Recruitment Drive for Contract Broiler Growers

AUSTRALIA - A profile of the chicken industry, which is dominated by two players – Inghams Enterprises and Baiada Poultry – and there is a drive to recruit more contact broiler growers, especially in South Australia.
calendar icon 24 February 2011
clock icon 3 minute read

Two players dominate the chicken meat industry and there are bullish forecasts for growth, according to ABC.

It is a surreal, even confronting, image. A football-oval sized, refrigerated factory floor. Rows of employees in beanies and polar fleece, breathing out vapour as they process tens of thousands of chicken carcasses. It is pristinely clean, but visitors (a rare sight) have to watch out for chicken 'juice' dropping from above as the killed-and-chilled chickens are propelled across the factory on overhead conveyors.

This is Inghams Enterprises primary processing plant at Bolivar in northern Adelaide, where whole chickens are prepared for barbecue chook (chicken) shops, marinated kebabs made for Woolworths and nuggets for KFC.
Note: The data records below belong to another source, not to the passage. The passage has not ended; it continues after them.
(* Let $\mathcal G=(N,\Sigma,S,P)$ be a normalized spine grammar with spine direction $d$. Then $\pi(\mathcal F(\mathcal S(\mathcal G))_S)=T(\mathcal G)$, where $\pi$ is the relabeling with $\pi(\alpha_n)=\alpha$ and $\pi\bigl(\tfrac{\sigma}{n_1\ n_2}\bigr)=\sigma$ for all $\alpha\in\Sigma_0$, $\sigma\in\Sigma_2$, $n,n_1,n_2\in N$.
   Context: sCFTG/spine grammar: $\mathcal G=(N,\Sigma,S,P)$, $N=N_0\cup N_1$ (nullary/unary nonterminals), terminals $\Sigma=\Sigma_0\cup\Sigma_2$, $S\in N_0$; productions rewrite nullary nonterminals to trees and unary nonterminals to contexts (trees with one hole $\Box$); $T(\mathcal G)$ is the set of terminal trees derivable from $S$. Spine direction $d:\Sigma_2\to\{1,2\}$: in every production for a unary nonterminal, the path from the root to $\Box$ passes from each $\sigma\in\Sigma_2$ on it into child $d(\sigma)$. Normalized: every production is of the form $n\to\alpha$ or $n\to b(\alpha)$ ($n\in N_0$, $b\in N_1$, $\alpha\in\Sigma_0$), $n\to b_1(b_2(\Box))$ ($b_1,b_2\in N_1$), or $n\to\sigma(\Box,a)$ / $n\to\sigma(a,\Box)$ ($\sigma\in\Sigma_2$, $a\in N_0\setminus\{S\}$); and for each $n\in N_0$ no tree derivable from $n$ by one step followed by steps using only productions for unary nonterminals contains $n$. Notation: $n_g=(n,g)\in N^2$, $\alpha_n=(\alpha,n)\in\Sigma_0\times N$, $\frac{\sigma}{n_1\ n_2}=(\sigma,n_1,n_2)\in\Sigma_2\times N^2$. Spines: $\mathcal S(\mathcal G)=L(\mathcal G')$ for the CFG $\mathcal G'$ with nonterminals $\{\top\}\cup N^2$ ($\top\notin N$), start $\top$, terminals $(\Sigma_0\times N)\cup(\Sigma_2\times N^2)$ and productions: $\top\to\alpha_n$ for each $(n\to\alpha)\in P$; $\top\to\alpha_n\,b_n$ for each $(n\to b(\alpha))\in P$; for all $g\in N$: $n_g\to b'_g\,b_g$ for each $(n\to b(b'(\Box)))\in P$; $n_g\to\frac{\sigma}{g\ n'}$ for each $(n\to\sigma(\Box,n'))\in P$; $n_g\to\frac{\sigma}{n'\ g}$ for each $(n\to\sigma(n',\Box))\in P$. Reassembly: let $\mathrm{gen}(\alpha_n)=n$ and $\mathrm{gen}(\frac{\sigma}{n_1\ n_2})=n_{d(\sigma)}$. For a set $T$ of trees with binary symbols in $\Sigma_2\times N^2$ and leaves in $\Sigma_0\times N$, let $T_n=\{t\in T\mid\mathrm{gen}(\text{root label of }t)=n\}$. For $w\in(\Sigma_0\times N)(\Sigma_2\times N^2)^*$ define $\mathrm{attach}_T(\alpha_n)=\{\alpha_n\}$ and $\mathrm{attach}_T(w\frac{\sigma}{n_1\ n_2})=\{\frac{\sigma}{n_1\ n_2}(t_1,t_2)\mid t_{d(\sigma)}\in\mathrm{attach}_T(w),\ t_{3-d(\sigma)}\in T_{n_{3-d(\sigma)}}\}$. For a language $L\subseteq(\Sigma_0\times N)(\Sigma_2\times N^2)^*$, $\mathcal F(L)$ is the smallest tree language $\mathcal F$ with $\mathrm{attach}_{\mathcal F}(w)\subseteq\mathcal F$ for all $w\in L$, and $\mathcal F(L)_S=\{t\in\mathcal F(L)\mid\mathrm{gen}(\text{root label of }t)=S\}$. *)

From Stdlib Require Import List.
Import ListNotations.
Set Implicit Arguments.

Section Spine.
Variables (N Sig0 Sig2 : Type).

Inductive tree : Type :=
| Leaf : Sig0 -> tree
| Node : Sig2 -> tree -> tree -> tree.

(* Right-hand sides / sentential forms: trees over Sigma u N u {Box};
   nullary nonterminals are leaves, unary nonterminals have one child. *)
Inductive rtree : Type :=
| RLeaf : Sig0 -> rtree
| RNode : Sig2 -> rtree -> rtree -> rtree
| RNt0  : N -> rtree
| RNt1  : N -> rtree -> rtree
| RHole : rtree.

Fixpoint embed (t : tree) : rtree :=
  match t with
  | Leaf a => RLeaf a
  | Node s l r => RNode s (embed l) (embed r)
  end.

Fixpoint holes (r : rtree) : nat :=
  match r with
  | RLeaf _ => 0
  | RNode _ l r => holes l + holes r
  | RNt0 _ => 0
  | RNt1 _ t => holes t
  | RHole => 1
  end.

Fixpoint subst_hole (r u : rtree) : rtree :=
  match r with
  | RLeaf a => RLeaf a
  | RNode s l r' => RNode s (subst_hole l u) (subst_hole r' u)
  | RNt0 n => RNt0 n
  | RNt1 n t => RNt1 n (subst_hole t u)
  | RHole => u
  end.

Fixpoint occurs (n : N) (r : rtree) : Prop :=
  match r with
  | RLeaf _ => False
  | RNode _ l r' => occurs n l \/ occurs n r'
  | RNt0 m => m = n
  | RNt1 m t => m = n \/ occurs n t
  | RHole => False
  end.

Record grammar : Type := Grammar {
  unary : N -> bool;               (* true: n in N1, false: n in N0 *)
  start : N;
  prods : list (N * rtree)
}.

Variable G : grammar.

Fixpoint arity_ok (r : rtree) : Prop :=
  match r with
  | RLeaf _ => True
  | RNode _ l r' => arity_ok l /\ arity_ok r'
  | RNt0 m => unary G m = false
  | RNt1 m t => unary G m = true /\ arity_ok t
  | RHole => True
  end.

Definition is_sCFTG : Prop :=
  unary G (start G) = false /\
  forall n r, In (n, r) (prods G) ->
    arity_ok r /\ holes r = (if unary G n then 1 else 0).

Inductive dir : Type := D1 | D2.

Fixpoint spine_path (d : Sig2 -> dir) (r : rtree) : Prop :=
  match r with
  | RLeaf _ => True
  | RNode s l r' =>
      (holes l > 0 -> d s = D1) /\ (holes r' > 0 -> d s = D2) /\
      spine_path d l /\ spine_path d r'
  | RNt0 _ => True
  | RNt1 _ t => spine_path d t
  | RHole => True
  end.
There are 950 people employed over two daily shifts and 160,000 chickens per day pass through.

The Australian Bureau of Agricultural and Resource Economics (ABARE) says Australians consume an average of 37kg of chicken meat each per year, up from about six kilograms in the 1960s.

Chicken has overtaken beef as the favourite mealtime meat and forecasts suggest chicken consumption will keep rising.

"The statistics coming out of ABARE suggest chicken meat consumption will go to 42 kilograms and we expect it to go beyond that," said George Schlahtych, a group executive manager for Inghams.

"In fact we're looking at getting ready for a doubling of this industry within the next 10 to 12 years," he said.

But current chicken sheds are at capacity and the industry is urging more people to take up chicken farming.

'Zero risk'

ABC reports that the big companies such as Inghams do all the breeding, but contract out most of the growing.

As for the risk to someone going into farming chickens, "There is effectively zero risk," Mr Schlahtych said.

He continued: "Inghams will enter into a contractual arrangement and give growers 10 to 15 years as an initial tenure. We harvest chicken every seven weeks. The grower gets a cheque every seven weeks."

He said the company supplied day-old chicks, all feed and veterinary care, then bought the grown chickens in under two months' time.

The $4 billion chicken industry in Australia is dominated by Inghams Enterprises and Baiada Poultry.

Both have scores of growers in South Australia and have built processing plants on the outskirts of Adelaide. Baiada markets itself under the Steggles and Lilydale brands.

On a national scale, South Australia sits in fourth in terms of chicken numbers, behind New South Wales, Victoria and Queensland.

The South Australian Government released a plan five years ago aimed at capturing at least 50 per cent of growth in the industry over the decade ahead, concludes the ABC report.